The group doing the discussions today that I was attending are primarily focused on bodies beyond the asteroid belt (the giant planets, the Kuiper belt, etc). To put a long story short, there's only so much money to go around in NASA's planetary science budget, and there's a lot of concern among the non-Mars planetary science community that MSR is going to be allowed to eat significant amounts of the budget, forcing other missions to be delayed, downscoped, or straight-up cancelled. There is a perception that Mars flagship missions are not held accountable to their budgets (cost growth on Curiosity and Perseverance point to this), while missions from non-Mars divisions are held much more strictly.

One of the comments I heard today was essentially "because there seems to be a lack of transparency about the mission design and engineering, I'm not yet convinced that MSR can even be accomplished in the supposed timeframe. how are we supposed to believe their cost estimates?"

And we all know humans aren’t going to Mars and the coming home in the next decade, probably never.

Does NASA view MSR as more a step in the humans to Mars path or more as a mission valuable on its own?

It is definitely valuable on its own. The key appeal of sample return from any body (not just Mars) is that you are no longer subject to the weight/design/engineering restrictions of spacecraft. Bring those samples home and you can analyze them in any lab on Earth, with any technique or scientific instrument you want, even if the instrument is the size of a building. It opens up vast amounts of science that are just not feasible for a spacecraft to do on-the-spot.

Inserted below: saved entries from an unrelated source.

Lemma sum_monomial u : \sum_(x : pt n) monomial u x = (u == setT)%:R.
Proof.
have row_bij : bijective (fun f : {ffun 'I_n -> 'F_2} => \row_i f i : pt n).
  by exists (fun x : pt n => [ffun i => x ord0 i]) => [f | x];
    [apply/ffunP => i | apply/rowP => i]; rewrite !(ffunE, mxE).
rewrite (reindex _ (onW_bij _ row_bij)) /=.
pose factor i (a : 'F_2) := if i \in u then a else 1.
rewrite (eq_bigr (fun f : {ffun 'I_n -> 'F_2} => \prod_i factor i (f i))); last first.
  by move=> f _; rewrite ffunE big_mkcond; apply: eq_bigr => i _; rewrite mxE.
rewrite -bigA_distr_bigA /= (eq_bigr (fun i => (i \in u)%:R)); last first.
  by move=> i _; rewrite sum_F2 /factor; case: (i \in u); rewrite ?add0r ?F2_addrr.
have [-> | u_neqT] := eqVneq u setT.
  by rewrite big1 // => i _; rewrite in_setT.
have /subsetPn [i _ iu] : ~~ (setT \subset u) by rewrite subTset.
by rewrite (bigD1 i) //= (negbTE iu) mul0r.
Qed.

Lemma sum_deg_lt_n h : (deg h < n)%N -> \sum_x h x = 0.
Proof.
move=> h_lt; rewrite -[h]anfK anf_evalE.
under eq_bigr do rewrite sum_ffunE.
rewrite exchange_big big1 // => u uh; rewrite sum_monomial.
case: eqP => // uT; have := leq_ltn_trans (card_le_deg uh) h_lt.
by rewrite uT cardsT card_ord ltnn.
Qed.

Lemma sum_mul_monomial_setC h u :
  u \in anf h -> #|u| = deg h -> \sum_x h x * monomial (~: u) x = 1.
Proof.
move=> uh u_max; rewrite -[h]anfK anf_evalE.
under eq_bigr do rewrite sum_ffunE mulr_suml.
rewrite exchange_big (bigD1 u) //= [X in _ + X]big1 ?addr0.
  by under eq_bigr do rewrite monomialUE; rewrite sum_monomial setUCr eqxx.
move=> v /andP [vh v_neq_u]; under eq_bigr do rewrite monomialUE.
rewrite sum_monomial setUC_eqT; case: (boolP (u \subset v)) => // uv.
have /eqP v_eq_u : v == u by rewrite eq_sym eqEcard uv u_max card_le_deg.
by rewrite v_eq_u eqxx in v_neq_u.
Qed.

End AlgebraicNormalForm.

Section ReedMullerDuality.
Variable n : nat.
Implicit Types (x : pt n) (h F : BF n).

Lemma mem_RM_nat h (e : nat) : (h \in RM n e%:Z) = (deg h <= e)%N.
Proof. by rewrite inE bf0E lez_nat; case: eqP => // ->; rewrite deg0. Qed.

Lemma RM_orthogonalP F (r : int) :
  (forall h, h \in RM n r -> \sum_x F x * h x = 0) <->
  F = 0 \/ ((deg F)%:Z + r < n%:Z)%R.
Proof.
split => [F_orth | [-> | F_lt] h].
- have [-> | F_neq0] := eqVneq F 0; [by left | right].
  rewrite ltNge; apply/negP => r_ge.
  have anfF_gt0 : (0 < #|anf F|)%N.
    rewrite card_gt0; apply: contra F_neq0 => /eqP anfF0.
    by rewrite -[F]anfK anfF0 anf_evalE big_set0.
  have [u uF u_max] := eq_bigmax_cond (fun u : {set 'I_n} => #|u|) anfF_gt0.
  rewrite -degE in u_max.
  have: monomial (~: u) \in RM n r.
    rewrite inE deg_monomial cardsCs setCK card_ord; apply/orP; right.
    by move: r_ge (deg_le_n F); rewrite u_max; lia.
  move/F_orth/eqP; rewrite sum_mul_monomial_setC // oner_eq0.
- by rewrite big1 // => x _; rewrite ffunE mul0r.
- rewrite inE bf0E => /orP [/eqP -> | h_le].
    by rewrite big1 // => x _; rewrite ffunE mulr0.
  rewrite (eq_bigr (fun x => (F * h) x)); last by move=> x _; rewrite ffunE.
  by apply: sum_deg_lt_n; move: F_lt h_le (deg_mul F h); lia.
Qed.
(* Let $q$ be a prime power and $n,k,l$ positive integers. The extreme points of the $l$-chain profile polytope of $k$-Sperner families of subspaces of $\mathbb{F}_q^n$ are the $l$-chain profile vectors of the families that are unions of at most $k$ full levels.
   Context: Level $i$ is the set of all $i$-dimensional subspaces of $\mathbb{F}_q^n$, $0\le i\le n$. A family $\mathcal{F}$ of subspaces is $k$-Sperner if it contains no chain $F_1\subsetneq F_2\subsetneq\dots\subsetneq F_{k+1}$ of $k+1$ members. The $l$-chain profile vector of a family $\mathcal{F}$ of subspaces is the vector in $\mathbb{R}^{\binom{n+1}{l}}$ whose coordinates are indexed by sets $\{i_1<i_2<\dots<i_l\}\subseteq\{0,\dots,n\}$, the coordinate for $\{i_1,\dots,i_l\}$ being the number of chains $F_1\subsetneq\dots\subsetneq F_l$ with $F_j\in\mathcal{F}$ and $\dim F_j=i_j$ for all $j$. The $l$-chain profile polytope of $k$-Sperner families is the convex hull of the $l$-chain profile vectors of all $k$-Sperner families of subspaces of $\mathbb{F}_q^n$. *)

From HB Require Import structures.
From mathcomp Require Import all_boot all_order all_algebra all_field.
From mathcomp Require Import reals.
Set Implicit Arguments. Unset Strict Implicit. Unset Printing Implicit Defensive.
Import Order.TTheory GRing.Theory Num.Theory.
Local Open Scope ring_scope.
Import VectorInternalTheory.

(* The finite field F_q is represented by an arbitrary finite field F
   (q = #|F| is then an arbitrary prime power).  Subspaces of F_q^n are
   the elements of {vspace 'rV[F]_n}, which we equip with a finType
   structure (it is a subtype of a finite matrix type). *)
HB.instance Definition _ (F : finFieldType) (vT : vectType F) :=
  [Countable of {vspace vT} by <:].
HB.instance Definition _ (F : finFieldType) (vT : vectType F) :=
  [Finite of {vspace vT} by <:].

Section Profiles.
Variables (F : finFieldType) (n : nat).

Definition subsp := {vspace 'rV[F]_n}.

Definition psubv (U V : subsp) : bool := (U <= V)%VS && (U != V).

Definition is_chain (m : nat) (c : 'I_m -> subsp) : bool :=
  [forall i : 'I_m, forall j : 'I_m, (i.+1 == j :> nat) ==> psubv (c i) (c j)].

Definition k_Sperner (k : nat) (Fam : {set subsp}) : Prop :=
  ~ exists c : 'I_k.+1 -> subsp, (forall i, c i \in Fam) /\ is_chain c.

Definition lsets (l : nat) := {S : {set 'I_n.+1} | #|S| == l}.

Definition chain_count (l : nat) (Fam : {set subsp}) (S : lsets l) : nat :=
  #|[set c : {ffun 'I_l -> subsp} |
      [&& [forall j, c j \in Fam], is_chain c &
          [forall j : 'I_l, \dim (c j) == val (nth ord0 (enum (val S)) j)]]]|.

Definition profile (R : realType) (l : nat) (Fam : {set subsp})
  : {ffun lsets l -> R} := [ffun S => (chain_count Fam S)%:R].

Definition profile_polytope (R : realType) (k l : nat)
  (x : {ffun lsets l -> R}) : Prop :=
  exists w : {ffun {set subsp} -> R},
    [/\ forall Fam, 0 <= w Fam,
        forall Fam, ~ k_Sperner k Fam -> w Fam = 0,
        \sum_Fam w Fam = 1 &
        forall S, x S = \sum_Fam w Fam * profile R l Fam S].

Definition union_of_levels (k : nat) (Fam : {set subsp}) : Prop :=
  exists L : {set 'I_n.+1},
    (#|L| <= k)%N /\ Fam = [set U : subsp | [exists i in L, \dim U == val i]].

End Profiles.

Definition extreme_point (R : realType) (I : finType)
  (P : {ffun I -> R} -> Prop) (x : {ffun I -> R}) : Prop :=
  P x /\ forall (y z : {ffun I -> R}) (t : R), P y -> P z -> 0 < t < 1 ->
    (forall i, x i = t * y i + (1 - t) * z i) -> y = z.

From HB Require Import structures.
From mathcomp Require Import all_boot all_order all_algebra all_field.
From mathcomp Require Import reals.
From mathcomp Require Import lra.
Set Implicit Arguments. Unset Strict Implicit. Unset Printing Implicit Defensive.
Import Order.TTheory GRing.Theory Num.Theory.
Local Open Scope ring_scope.

(* A frame (ordered basis) b of F^n determines the maximal flag of the spans of its initial
   segments, and GL_n(F) acts transitively on frames, so every chain of subspaces of a given
   dimension type S lies in the flags of equally many frames.  Double counting then writes
   the profile of any family Fam as the average, over all frames b, of the profile of the
   union of the levels at which the flag of b meets Fam; when Fam is k-Sperner, these are
   unions of at most k levels.  Hence every point of the polytope is a convex combination of
   profiles of unions of at most k levels, and an extreme point must be one of them.
   Conversely, the S-coordinate of the profile of a union of levels is 0 or the number of
   all chains of type S, i.e. one of the two bounds of that coordinate over the polytope, so
   this profile is a vertex of a box containing the polytope. *)

Section Mixtures.
Variables (R : realFieldType) (I J : finType).
Implicit Types (A : I -> Prop) (w : I -> R) (v : I -> {ffun J -> R}).

Definition distr_on A w : Prop :=
  [/\ forall i, 0 <= w i, \sum_i w i = 1 & forall i, w i != 0 -> A i].

Definition mixture v w : {ffun J -> R} := [ffun j => \sum_i w i * v i j].

(* The weights conditioned on [i != i0]; meaningful only when [w i0 != 1]. *)
Definition cond_neq w (i0 : I) : I -> R :=
  fun i => if i == i0 then 0 else w i / (1 - w i0).

Lemma distr_on_sub A (B : I -> Prop) w :
  (forall i, A i -> B i) -> distr_on A w -> distr_on B w.
Proof. by move=> AB [w0 w1 wA]; split=> // i /wA /AB. Qed.

Lemma distr_on_dirac A i0 : A i0 -> distr_on A (fun i => (i == i0)%:R).
Proof.
move=> Ai0; split=> [i | | i]; first by rewrite ler0n.
  rewrite (bigD1 i0) //= eqxx big1 ?addr0 // => i ne.
  by apply/eqP; rewrite pnatr_eq0 eqb0.
by rewrite pnatr_eq0 eqb0 negbK => /eqP ->.
Qed.

Lemma mixture_dirac v i0 : mixture v (fun i => (i == i0)%:R) = v i0.
Proof.
apply/ffunP => j; rewrite ffunE (bigD1 i0) //= eqxx mul1r big1 ?addr0 // => i ne.
by apply/eqP; rewrite mulf_eq0 pnatr_eq0 eqb0 ne.
Qed.

Lemma mixture_bound A v w j (u : R) :
  distr_on A w -> (forall i, A i -> 0 <= v i j <= u) -> 0 <= mixture v w j <= u.
Proof.
move=> [w0 w1 wA] vu; rewrite ffunE -[u]mul1r -w1 mulr_suml.
apply/andP; split; [apply: sumr_ge0 | apply: ler_sum] => i _;
  have [-> | /wA /vu /andP[v0 vui]] := eqVneq (w i) 0; rewrite ?mul0r //.
- exact: mulr_ge0.
- exact: ler_wpM2l.
Qed.

Lemma distr_on_le1 A w i0 : distr_on A w -> w i0 <= 1.
Proof.
case=> w0 w1 _; rewrite -w1 (bigD1 i0) //= lerDl.
by apply: sumr_ge0 => i _; apply: w0.
Qed.

Lemma mixture_weight1 A v w i0 : distr_on A w -> w i0 = 1 -> mixture v w = v i0.
Proof.
case=> w0 w1 _ wi0; rewrite -mixture_dirac; apply/ffunP => j; rewrite !ffunE /=.
apply: eq_bigr => i _; congr (_ * _).
have [-> // | ne] := eqVneq i i0.
have rest0 : \sum_(k | k != i0) w k = 0 by move: w1; rewrite (bigD1 i0) //= wi0; lra.
by apply: (psumr_eq0P _ rest0) => // k _; apply: w0.
Qed.

Lemma mixture_cond_neq v w i0 j : w i0 != 1 ->
  mixture v w j = w i0 * v i0 j + (1 - w i0) * mixture v (cond_neq w i0) j.
Proof.
move=> ne1; have nz : 1 - w i0 != 0 by rewrite subr_eq0 eq_sym.
rewrite !ffunE (bigD1 i0) //= [in RHS](bigD1 i0) //= /cond_neq eqxx mul0r add0r.
congr (_ + _); rewrite mulr_sumr; apply: eq_bigr => i /negPf ->.
by rewrite mulrA [(1 - _) * _]mulrC divfK.
Qed.

Lemma distr_on_cond_neq A w i0 :
  distr_on A w -> w i0 != 1 -> distr_on A (cond_neq w i0).
Proof.
move=> dw ne1; have [w0 w1 wA] := dw.
split=> [i | | i]; rewrite /cond_neq /=.
- by case: ifP => // _; rewrite divr_ge0 ?w0 ?subr_ge0 ?(distr_on_le1 i0 dw).
- rewrite (bigD1 i0) //= eqxx add0r.
  rewrite (eq_bigr (fun i => w i / (1 - w i0))) => [|i /negPf -> //].
  rewrite -mulr_suml; have -> : \sum_(i | i != i0) w i = 1 - w i0.
    by move: w1; rewrite (bigD1 i0) //= => <-; rewrite addrAC subrr add0r.
  by rewrite divff // subr_eq0 eq_sym.
- by case: ifP => _; rewrite ?eqxx // mulf_eq0 negb_or => /andP[/wA].
Qed.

worth noting: the only way they managed to fit MSR within the budget as-is is that they basically are treating it as three separate missions: sample collection by a rover (Perseverance), a lander with a rocket to bring the samples to Mars orbit, and an orbiter to bring those samples back to Earth (which is the ESA's contribution).

as far as I can tell, they haven't decided how they're going to get the samples from the caches Percy is leaving to the lander with the rocket: either a small rover or maybe even a small helicopter since Ingenuity has been so successful. I'm a little worried about the helicopter approach given how thin Mars' atmosphere is and how lightweight Ingenuity had to be just to fly...can a similar design carry any amount of extra weight?